(Collected data)
Lemma fsum_le k f g : (forall i, (i < k)%nat -> f i <= g i) -> fsum k f <= fsum k g.
Proof.
  induction k as [|k IH]; simpl; intros H; [lra|].
  specialize (IH (fun i Hi => H i ltac:(lia))). specialize (H k ltac:(lia)). lra.
Qed.

Lemma fsum_nonneg k f : (forall i, (i < k)%nat -> 0 <= f i) -> 0 <= fsum k f.
Proof.
  induction k as [|k IH]; simpl; intros H; [lra|].
  specialize (IH (fun i Hi => H i ltac:(lia))). specialize (H k ltac:(lia)). lra.
Qed.

Lemma fsum_abs_le k f g :
  (forall i, (i < k)%nat -> Rabs (f i) <= g i) -> Rabs (fsum k f) <= fsum k g.
Proof.
  induction k as [|k IH]; simpl; intros H; [rewrite Rabs_R0; lra|].
  eapply Rle_trans; [apply Rabs_triang|].
  specialize (IH (fun i Hi => H i ltac:(lia))). specialize (H k ltac:(lia)). lra.
Qed.

Lemma fsum_ge_term k f i0 :
  (forall i, (i < k)%nat -> 0 <= f i) -> (i0 < k)%nat -> f i0 <= fsum k f.
Proof.
  induction k as [|k IH]; intros H Hi; [lia|]. simpl.
  destruct (Nat.eq_dec i0 k) as [->|Hne].
  - assert (0 <= fsum k f) by (apply fsum_nonneg; intros; apply H; lia). lra.
  - assert (f i0 <= fsum k f) by (apply IH; [intros; apply H|]; lia).
    specialize (H k ltac:(lia)). lra.
Qed.

Definition kdelta (j k : nat) : R := if Nat.eqb j k then 1 else 0.

Lemma fsum_kdelta k i (g : nat -> R) : (i < k)%nat -> fsum k (fun j => kdelta j i * g j) = g i.
Proof.
  induction k as [|k IH]; intros H; [lia|]. simpl. unfold kdelta at 2.
  destruct (Nat.eqb_spec k i) as [->|Hne].
  - rewrite (fsum_ext _ _ (fun j => 0 * g j)), fsum_scal; [lra|].
    intros j Hj. unfold kdelta. destruct (Nat.eqb_spec j i); [lia|reflexivity].
  - rewrite IH by lia. lra.
Qed.

Lemma fsum_upd k (p g : nat -> R) i0 s : (i0 < k)%nat ->
  fsum k (fun i => upd p i0 s i * g i) = fsum k (fun i => p i * g i) + s * g i0.
Proof.
  intros H.
  rewrite (fsum_ext k _ (fun i => p i * g i + s * (kdelta i i0 * g i))).
  - rewrite fsum_plus, fsum_scal, fsum_kdelta by exact H. reflexivity.
  - intros i _. unfold upd, kdelta. destruct (Nat.eqb i i0); ring.
Qed.

Definition qform (m : nat) (M : nat -> nat -> R) (xi : nat -> R) : R :=
  fsum m (fun j => fsum m (fun l => xi j * M j l * xi l)).

Lemma qform_basis_minus_multiple m (M : nat -> nat -> R) (a : nat -> R) k c : (k < m)%nat ->
  qform m M (fun j => kdelta j k - c * a j)
  = M k k - c * fsum m (fun l => M k l * a l) - c * fsum m (fun j => a j * M j k)
    + c ^ 2 * fsum m (fun j => a j * fsum m (fun l => M j l * a l)).
Proof.
  intros Hk. unfold qform.
  rewrite (fsum_ext m _ (fun j => (kdelta j k - c * a j) * M j k
                                 - c * (kdelta j k - c * a j) * fsum m (fun l => M j l * a l))).
  2:{ intros j _.
      rewrite (fsum_ext m _ (fun l => (kdelta j k - c * a j) * (kdelta l k * M j l)
                                      - (c * (kdelta j k - c * a j)) * (M j l * a l)))
        by (intros l _; unfold kdelta; ring).
      rewrite fsum_minus, !fsum_scal, fsum_kdelta by exact Hk. ring. }
  rewrite (fsum_ext m _ (fun j => ((kdelta j k * M j k - c * (a j * M j k))
                                   - c * (kdelta j k * fsum m (fun l => M j l * a l)))
                                  + c ^ 2 * (a j * fsum m (fun l => M j l * a l))))
    by (intros j _; ring).
  rewrite fsum_plus, !fsum_minus, !fsum_scal, !fsum_kdelta by exact Hk. ring.
Qed.

Lemma sqnorm_basis_minus_projection m (a : nat -> R) k : (k < m)%nat -> sqnorm m a = 1 ->
  sqnorm m (fun j => kdelta j k - a k * a j) = 1 - a k ^ 2.
Proof.
  intros Hk Ha. unfold sqnorm in *.
  rewrite (fsum_ext m _ (fun j => kdelta j k * (1 - 2 * a k * a j) + a k ^ 2 * a j ^ 2))
    by (intros j _; unfold kdelta; destruct (Nat.eqb j k); ring).
  rewrite fsum_plus, fsum_scal, fsum_kdelta, Ha by exact Hk. ring.
Qed.

Lemma trace_minus_unit_qform_ge m (M : nat -> nat -> R) (a : nat -> R) alpha :
  sqnorm m a = 1 -> (forall xi, qform m M xi >= alpha * sqnorm m xi) ->
  fsum m (fun j => M j j) - fsum m (fun j => fsum m (fun l => a j * a l * M l j))
  >= (INR m - 1) * alpha.
Proof.
  intros Ha HM.
  set (Q := fsum m (fun j => a j * fsum m (fun l => M j l * a l))).
  assert (Hsum : fsum m (fun k => qform m M (fun j => kdelta j k - a k * a j))
                 >= fsum m (fun k => alpha * (1 - a k ^ 2))).
  { apply Rle_ge, fsum_le. intros k Hk.
    rewrite <- sqnorm_basis_minus_projection with (m := m) by assumption.
    apply Rge_le, HM. }
  rewrite (fsum_ext m _ (fun k => ((M k k - a k * fsum m (fun l => M k l * a l))
                                   - fsum m (fun j => a k * a j * M j k)) + Q * a k ^ 2)) in Hsum.
  2:{ intros k Hk. rewrite qform_basis_minus_multiple by exact Hk.
      rewrite <- (fsum_scal m (a k) (fun j => a j * M j k)).
      rewrite (fsum_ext m (fun j => a k * (a j * M j k)) (fun j => a k * a j * M j k))
        by (intros; ring).
      unfold Q. ring. }
  unfold sqnorm in Ha.
  rewrite fsum_plus, !fsum_minus, fsum_scal, Ha, fsum_scal, fsum_minus, fsum_const1, Ha in Hsum.
  fold Q in Hsum. lra.
Qed.

Lemma sqnorm_pos m q : (exists j, (j < m)%nat /\ q j <> 0) -> 0 < sqnorm m q.
Proof.
  intros [j [Hj Hq]]. unfold sqnorm.
  apply Rlt_le_trans with (q j ^ 2).
  - apply pow2_gt_0, Hq.
  - apply (fsum_ge_term m (fun j => q j ^ 2)); [intros; apply pow2_ge_0|exact Hj].
Qed.

Lemma sqnorm_normalize m q : 0 < sqnorm m q ->
  sqnorm m (fun j => q j / sqrt (sqnorm m q)) = 1.
Proof.
  intros Hq. pose proof (sqrt_lt_R0 _ Hq) as Hs. pose proof (sqrt_sqrt _ (Rlt_le _ _ Hq)) as Hss.
  unfold sqnorm at 1.
  rewrite (fsum_ext m _ (fun j => / (sqrt (sqnorm m q) * sqrt (sqnorm m q)) * q j ^ 2))
    by (intros; field; lra).
  rewrite fsum_scal. fold (sqnorm m q). rewrite Hss. field. lra.
Qed.

Lemma normalize_abs_le1 m q j : 0 < sqnorm m q -> (j < m)%nat ->
  Rabs (q j / sqrt (sqnorm m q)) <= 1.
Proof.
  intros Hq Hj. pose proof (sqrt_lt_R0 _ Hq) as Hs.
  assert (Hqj : Rabs (q j) <= sqrt (sqnorm m q)).
  { rewrite <- sqrt_Rsqr_abs. apply sqrt_le_1_alt. unfold Rsqr.
    replace (q j * q j) with (q j ^ 2) by ring.
    apply (fsum_ge_term m (fun j => q j ^ 2)); [intros; apply pow2_ge_0|exact Hj]. }
  unfold Rdiv. rewrite Rabs_mult, Rabs_inv, (Rabs_right (sqrt _)) by lra.
  apply Rmult_le_reg_r with (sqrt (sqnorm m q)); [lra|].
  rewrite Rmult_assoc, Rinv_l by lra. lra.
Qed.

Lemma Fop_ge_of_concave m q N alpha :
  (exists j, (j < m)%nat /\ q j <> 0) ->
  (forall xi, qform m (fun j l => - N j l) xi >= alpha * sqnorm m xi) ->
  Fop m q N >= (INR m - 1) * alpha.
Proof.
  intros Hq HN.
  pose proof (trace_minus_unit_qform_ge m (fun j l => - N j l) _ alpha
                (sqnorm_normalize m q (sqnorm_pos m q Hq)) HN) as T.
  cbv beta in T. rewrite fsum_opp in T.
  rewrite (fsum_ext m (fun j => fsum m (fun l =>
             q j / sqrt (sqnorm m q) * (q l / sqrt (sqnorm m q)) * - N l j))
           (fun j => - fsum m (fun l =>
             q j / sqrt (sqnorm m q) * (q l / sqrt (sqnorm m q)) * N l j))) in T.
  2:{ intros j _. rewrite <- fsum_opp. apply fsum_ext. intros; ring. }
  rewrite fsum_opp in T. unfold Fop. lra.
Qed.

Lemma Fop_le_abs m q N : 0 < sqnorm m q ->
  Fop m q N <= fsum m (fun j => Rabs (N j j)) + fsum m (fun j => fsum m (fun l => Rabs (N l j))).
Proof.
  intros Hq. unfold Fop.
  assert (Htr : - fsum m (fun j => N j j) <= fsum m (fun j => Rabs (N j j))).
  { rewrite <- fsum_opp. apply fsum_le. intros j _.
    rewrite <- (Rabs_Ropp (N j j)). apply Rle_abs. }
  assert (Hproj : fsum m (fun j => fsum m (fun l =>
                    q j / sqrt (sqnorm m q) * (q l / sqrt (sqnorm m q)) * N l j))
                  <= fsum m (fun j => fsum m (fun l => Rabs (N l j)))).
  { apply fsum_le. intros j Hj. apply fsum_le. intros l Hl.
    eapply Rle_trans; [apply Rle_abs|]. rewrite !Rabs_mult.
    pose proof (normalize_abs_le1 m q j Hq Hj). pose proof (normalize_abs_le1 m q l Hq Hl).
    pose proof (Rabs_pos (q j / sqrt (sqnorm m q))). pose proof (Rabs_pos (q l / sqrt (sqnorm m q))).
    pose proof (Rabs_pos (N l j)).
    apply Rle_trans with (1 * 1 * Rabs (N l j)); [|lra].
    apply Rmult_le_compat_r; [lra|]. apply Rmult_le_compat; lra. }
  lra.
Qed.

Lemma X2mat_opp n m B x A j l :
  X2mat n m B x (fun i i' => - A i i') j l = - X2mat n m B x A j l.
Proof.
  unfold X2mat. rewrite <- fsum_opp. apply fsum_ext; intros i _.
  rewrite <- fsum_opp. apply fsum_ext; intros i' _. ring.
Qed.

Lemma Xvec_upd n m B x p j s : (j < m)%nat -> (m <= n)%nat ->
  Xvec n m B x (upd p j s) j = Xvec n m B x p j + s.
Proof.
  intros Hj Hmn. unfold Xvec. rewrite fsum_upd by lia. unfold sigma.
  rewrite (proj2 (Nat.ltb_lt j m) Hj), Nat.eqb_refl. ring.
Qed.

Definition sigma_majorant m (B : nat -> nat -> nat -> R) (x0 : nat -> R) i j : R :=
  1 + fsum m (fun l => Rabs (B (i - m)%nat j l) * (Rabs (x0 l) + 1)).

Lemma sigma_abs_le_majorant n m B x0 x i j : (m <= n)%nat -> near n x0 x 1 ->
  Rabs (sigma m B x i j) <= sigma_majorant m B x0 i j.
Proof.
  intros Hmn Hx.
  assert (Hsum : 0 <= fsum m (fun l => Rabs (B (i - m)%nat j l) * (Rabs (x0 l) + 1))).
  { apply fsum_nonneg. intros l _.
    apply Rmult_le_pos; [apply Rabs_pos|pose proof (Rabs_pos (x0 l)); lra]. }
  unfold sigma, sigma_majorant.
  destruct (Nat.ltb i m).
  - destruct (Nat.eqb i j); [rewrite Rabs_R1|rewrite Rabs_R0]; lra.
  - enough (Rabs (fsum m (fun l => B (i - m)%nat j l * x l))
            <= fsum m (fun l => Rabs (B (i - m)%nat j l) * (Rabs (x0 l) + 1))) by lra.
    apply fsum_abs_le. intros l Hl. rewrite Rabs_mult.
    apply Rmult_le_compat_l; [apply Rabs_pos|].
    specialize (Hx l ltac:(lia)).
    pose proof (Rabs_triang (x l - x0 l) (x0 l)).
    replace (x l - x0 l + x0 l) with (x l) in * by ring. lra.
Qed.

Definition X2mat_majorant n m B x0 (A0 : nat -> nat -> R) j l : R :=
  fsum n (fun i => fsum n (fun i' =>
    sigma_majorant m B x0 i j * (Rabs (A0 i i') + 1) * sigma_majorant m B x0 i' l)).

Lemma X2mat_abs_le_majorant n m B x0 A0 x A j l : (m <= n)%nat -> near n x0 x 1 ->
  (forall i i', (i < n)%nat -> (i' < n)%nat -> Rabs (A i i' - A0 i i') < 1) ->
  Rabs (X2mat n m B x A j l) <= X2mat_majorant n m B x0 A0 j l.
Proof.
  intros Hmn Hx HA. unfold X2mat, X2mat_majorant.
  apply fsum_abs_le. intros i Hi. apply fsum_abs_le. intros i' Hi'. rewrite !Rabs_mult.
  pose proof (sigma_abs_le_majorant n m B x0 x i j Hmn Hx).
  pose proof (sigma_abs_le_majorant n m B x0 x i' l Hmn Hx).
  assert (Rabs (A i i') <= Rabs (A0 i i') + 1).
  { specialize (HA i i' Hi Hi'). pose proof (Rabs_triang (A i i' - A0 i i') (A0 i i')).
    replace (A i i' - A0 i i' + A0 i i') with (A i i') in * by ring. lra. }
  apply Rmult_le_compat; try apply Rabs_pos; auto.
  - apply Rmult_le_pos; apply Rabs_pos.
  - apply Rmult_le_compat; try apply Rabs_pos; auto.
Qed.

Lemma Gop_le_majorant n m B x0 A0 x p A : (m <= n)%nat -> near n x0 x 1 ->
  (forall i i', (i < n)%nat -> (i' < n)%nat -> Rabs (A i i' - A0 i i') < 1) ->
  (exists j, (j < m)%nat /\ Xvec n m B x p j <> 0) ->
  Gop n m B x p A <= fsum m (fun j => X2mat_majorant n m B x0 A0 j j)
                     + fsum m (fun j => fsum m (fun l => X2mat_majorant n m B x0 A0 l j)).
Proof.
  intros Hmn Hx HA Hq. unfold Gop.
  eapply Rle_trans; [apply Fop_le_abs, sqnorm_pos, Hq|].
  apply Rplus_le_compat; apply fsum_le; intros j Hj.
  - apply X2mat_abs_le_majorant; auto.
  - apply fsum_le; intros l Hl. apply X2mat_abs_le_majorant; auto.
Qed.

(** [attained delta v]: [v] is a value taken at an admissible point within
    [delta]; the limsup is the supremum of the [w] below such values at every scale. *)
Section Limsup.

Variable attained : R -> R -> Prop.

> What you are asked to do:
Reproduce every line of the entries above, unchanged, from the very first one down to and including the line containing "Lemma fsum_nonneg k".

> Answer section:
Lemma fsum_le k f g : (forall i, (i < k)%nat -> f i <= g i) -> fsum k f <= fsum k g.
Proof.
  induction k as [|k IH]; simpl; intros H; [lra|].
  specialize (IH (fun i Hi => H i ltac:(lia))). specialize (H k ltac:(lia)). lra.
Qed.

Lemma fsum_nonneg k f : (forall i, (i < k)%nat -> 0 <= f i) -> 0 <= fsum k f.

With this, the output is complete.